Just working from memory here so bear with me.

I believe in the case of AC at the end of the day folks on pension took a 25% reduction in addition those that tried to get out on the buyout lost there severance money.

This was on the first bankruptcy.


----------



## new dog (Jun 21, 2016)

What do you guys make of this story telling black people to be cautious or not to fly American Airlines. Personally I don't think the higher ups would want anything to do with discrimination and I would think the airline will clamp down on this.

http://money.cnn.com/2017/10/25/news/companies/naacp-travel-advisory-american-airlines/index.html


----------



## Eclectic12 (Oct 20, 2010)

RedRose said:


> One wonders what happens to those AA DB pensions?


It seems it will take some digging to figure it out.

This article says that as part of the 2011 bankruptcy fall out, as of Nov 1st, 2012 - DB pensions credits ceased to be earned. As of that date, AA instead mostly matched employee contributions to 401K plans, up to 5.5% of earnings.

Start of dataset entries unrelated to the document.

Lemma site_pair_diag_regular : regular_at z0 (fun z =>
  (z - z0) ^+ k *: (2^-1 *: B (site_lax z) (site_lax z) - site_twist z *: site_P z)).
Proof.
apply: eq_regular_at site_pair_diagE _.
apply: regular_atZ; first exact: ratfun_regular_cst.
apply: regular_at_sum => q; apply: regular_at_sum => r.
apply: regular_at_scale_vec; apply: ratfun_regular_reversed.
have qrk : ((q + r).+2 <= k + k)%N by have := ltn_ord q; have := ltn_ord r; lia.
apply: leq_trans (size_polyMleq _ _) _; rewrite size_polyXn.
have := size_sugawara_defect eta_lev qrk; have := ltn_ord q.
by rewrite add3n /=; set s := size _; lia.
Qed.

End Site.

Section GaudinModel.
Variables (C : numClosedFieldType) (S : finType) (F A : lmodType C).
Variables (m : S -> nat) (lev : S -> nat -> C) (zp : S -> C) (linf : C).
Variables (J : S -> nat -> F) (B : F -> F -> A) (eta : S -> nat -> C).
Hypothesis B_linear : forall (c : C) X Y Z, B (c *: X + Y) Z = c *: B X Z + B Y Z.
Hypothesis B_sym : forall X Y, B X Y = B Y X.

Let lax b := site_lax (m b) (J b) (zp b).
Let tw b := site_twist (m b) (lev b) (zp b).
Let sP b := site_P B (m b) (eta b) (J b) (zp b).

Lemma calH_site_pairs z : calH m lev zp linf J B eta z =
  \sum_(b : S) \sum_(d : S) (2^-1 *: B (lax b z) (lax d z) - tw b z *: sP d z)
  + linf *: calP m zp J B eta z.
Proof.
rewrite /calH /twist scalerBl opprD opprK addrA; congr (_ + _).
rewrite /gaudinLax (B_suml B_linear) scaler_sumr scaler_suml -sumrB.
by apply: eq_bigr => b _; rewrite (B_sumr B_linear B_sym) scaler_sumr scaler_sumr -sumrB.
Qed.

Variable a : S.
Hypothesis zp_inj : injective zp.

Lemma inv_pow_site_regular b (n : nat) :
  b != a -> ratfun_regular (zp a) (fun z => ((z - zp b) ^+ n)^-1).
Proof. by move=> ba; apply: ratfun_regular_inv_pow; apply: contra_neq ba => /zp_inj. Qed.

Lemma site_factor_regular b (p : 'I_(m b)) :
  ratfun_regular (zp a) (fun z => (z - zp a) ^+ m a / (z - zp b) ^+ p.+1).
Proof.
move: p; have [-> p | ba p] := eqVneq b a; first exact: ratfun_regular_pow_div.
by apply: ratfun_regularM; [exact: ratfun_regular_pow | exact: inv_pow_site_regular].
Qed.

Lemma pair_factor_regular b d (p : 'I_(m b)) (q : 'I_(m d)) : (b != a) || (d != a) ->
  ratfun_regular (zp a) (fun z =>
    (z - zp a) ^+ m a / (z - zp b) ^+ p.+1 / (z - zp d) ^+ q.+1).
Proof.
case/orP => [ba | da].
  apply: eq_ratfun_regular (ratfun_regularM (site_factor_regular q)
    (inv_pow_site_regular p.+1 ba)) => z.
  by rewrite mulrAC.
exact: ratfun_regularM (site_factor_regular p) (inv_pow_site_regular q.+1 da).
Qed.

Lemma site_pair_offdiag_regular b d : (b != a) || (d != a) ->
  regular_at (zp a) (fun z =>
    (z - zp a) ^+ m a *: (2^-1 *: B (lax b z) (lax d z) - tw b z *: sP d z)).
Proof.
move=> bda.
have term_reg c (X : A) (p : 'I_(m b)) (q : 'I_(m d)) := regular_at_scale_vec X
  (ratfun_regularM (ratfun_regular_cst _ c) (pair_factor_regular p q bda)).
apply: eq_regular_at (regular_atB
  (regular_at_sum (fun p : 'I_(m b) => regular_at_sum (fun q : 'I_(m d) =>
     term_reg 2^-1 (B (J b p) (J d q)) p q)))
  (regular_at_sum (fun s : 'I_(m b) => regular_at_sum (fun p : 'I_(m d) =>
     term_reg (lev b s) (site_sugawara B (m d) (eta d) (J d) p) s p)))) => z.
rewrite scalerBr; congr (_ - _).
  rewrite B_sum_scale // scalerA scaler_sumr; apply: eq_bigr => p _.
  rewrite scaler_sumr; apply: eq_bigr => q _; rewrite scalerA; congr (_ *: _); ring.
rewrite /tw /site_twist scaler_suml scaler_sumr; apply: eq_bigr => s _.
rewrite !scaler_sumr; apply: eq_bigr => p _; rewrite !scalerA; congr (_ *: _); ring.
Qed.

Lemma calP_scaled_regular :
  regular_at (zp a) (fun z => (z - zp a) ^+ m a *: (linf *: calP m zp J B eta z)).
Proof.
apply: eq_regular_at (regular_at_sum (fun d => regular_at_sum (fun p : 'I_(m d) =>
  regular_at_scale_vec (segalSugawara m J B eta d p)
    (ratfun_regularM (ratfun_regular_cst _ linf) (site_factor_regular p))))) => z.
rewrite scalerA /calP scaler_sumr; apply: eq_bigr => d _.
by rewrite scaler_sumr; apply: eq_bigr => p _; rewrite scalerA; congr (_ *: _); ring.
Qed.

Hypothesis eta_lev : forall b (q r : nat), (q < m b)%N -> (r < m b)%N ->
  \sum_(p < m b - r) eta b (p + q)%N * lev b (p + r)%N = (q == r)%:R.

Lemma site_pair_regular b d : regular_at (zp a) (fun z =>
  (z - zp a) ^+ m a *: (2^-1 *: B (lax b z) (lax d z) - tw b z *: sP d z)).
Proof.
have [/andP[/eqP-> /eqP->] | bda] := boolP ((b == a) && (d == a)).
  exact: site_pair_diag_regular (J a) (zp a) B_linear B_sym (@eta_lev a).
by apply: site_pair_offdiag_regular; rewrite -negb_and.
Qed.

End GaudinModel.

Theorem propositionA1
  (C : numClosedFieldType) (S : finType) (F A : lmodType C)
  (bar : S -> S) (m : S -> nat) (lev : S -> nat -> C) (zp : S -> C) (linf : C)
  (J : S -> nat -> F) (B : F -> F -> A) (eta : S -> nat -> C)
  (* data of the local affine Gaudin model *)
  (Hbar : forall a, bar (bar a) = a)
  (Hm_pos : forall a, (0 < m a)%N)
  (Hm_bar : forall a, m (bar a) = m a)
  (Hlev_bar : forall a p, lev (bar a) p = (lev a p)^*)
  (Hlev_top : forall a, lev a (m a).-1 != 0)
  (Hzp_bar : forall a, zp (bar a) = (zp a)^*)
  (Hzp_inj : injective zp)
  (Hlinf_real : linf^* = linf)
  (Hlinf : linf != 0)
  (* B X Y = \int_D dx kappa(X(x), Y(x)) : symmetric bilinear *)
  (HB_lin : forall (c : C) X Y Z, B (c *: X + Y) Z = c *: B X Z + B Y Z)
  (HB_sym : forall X Y, B X Y = B Y X)
  (* eta^a is the solution of the triangular system *)
  (Heta : forall a (q r : nat), (q < m a)%N -> (r < m a)%N ->
     \sum_(p < m a - r) eta a (p + q)%N * lev a (p + r)%N = (q == r)%:R) :
  forall a : S, pole_order_le (calH m lev zp linf J B eta) (zp a) (m a).
Proof.
move=> a.
apply: eq_regular_at (regular_atD
  (regular_at_sum (fun b => regular_at_sum
     (site_pair_regular J HB_lin HB_sym a Hzp_inj Heta b)))
  (calP_scaled_regular m linf J B eta a Hzp_inj)) => z.
rewrite calH_site_pairs // scalerDr scaler_sumr.
by under eq_bigr do rewrite scaler_sumr.
Qed.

The pilot's DC pension was supposed to be frozen as of Nov 1st then terminated as of Nov 30th, where $$ in the account would be transferred to the pilots.
https://www.dallasnews.com/business...-airlines-to-freeze-pension-plans-as-of-nov-1
http://www.reuters.com/article/us-c...nsion-battle-may-spread-idUSTRE81S1Z220120229

That's a while ago so it is not clear if the current status is.


Cheers


----------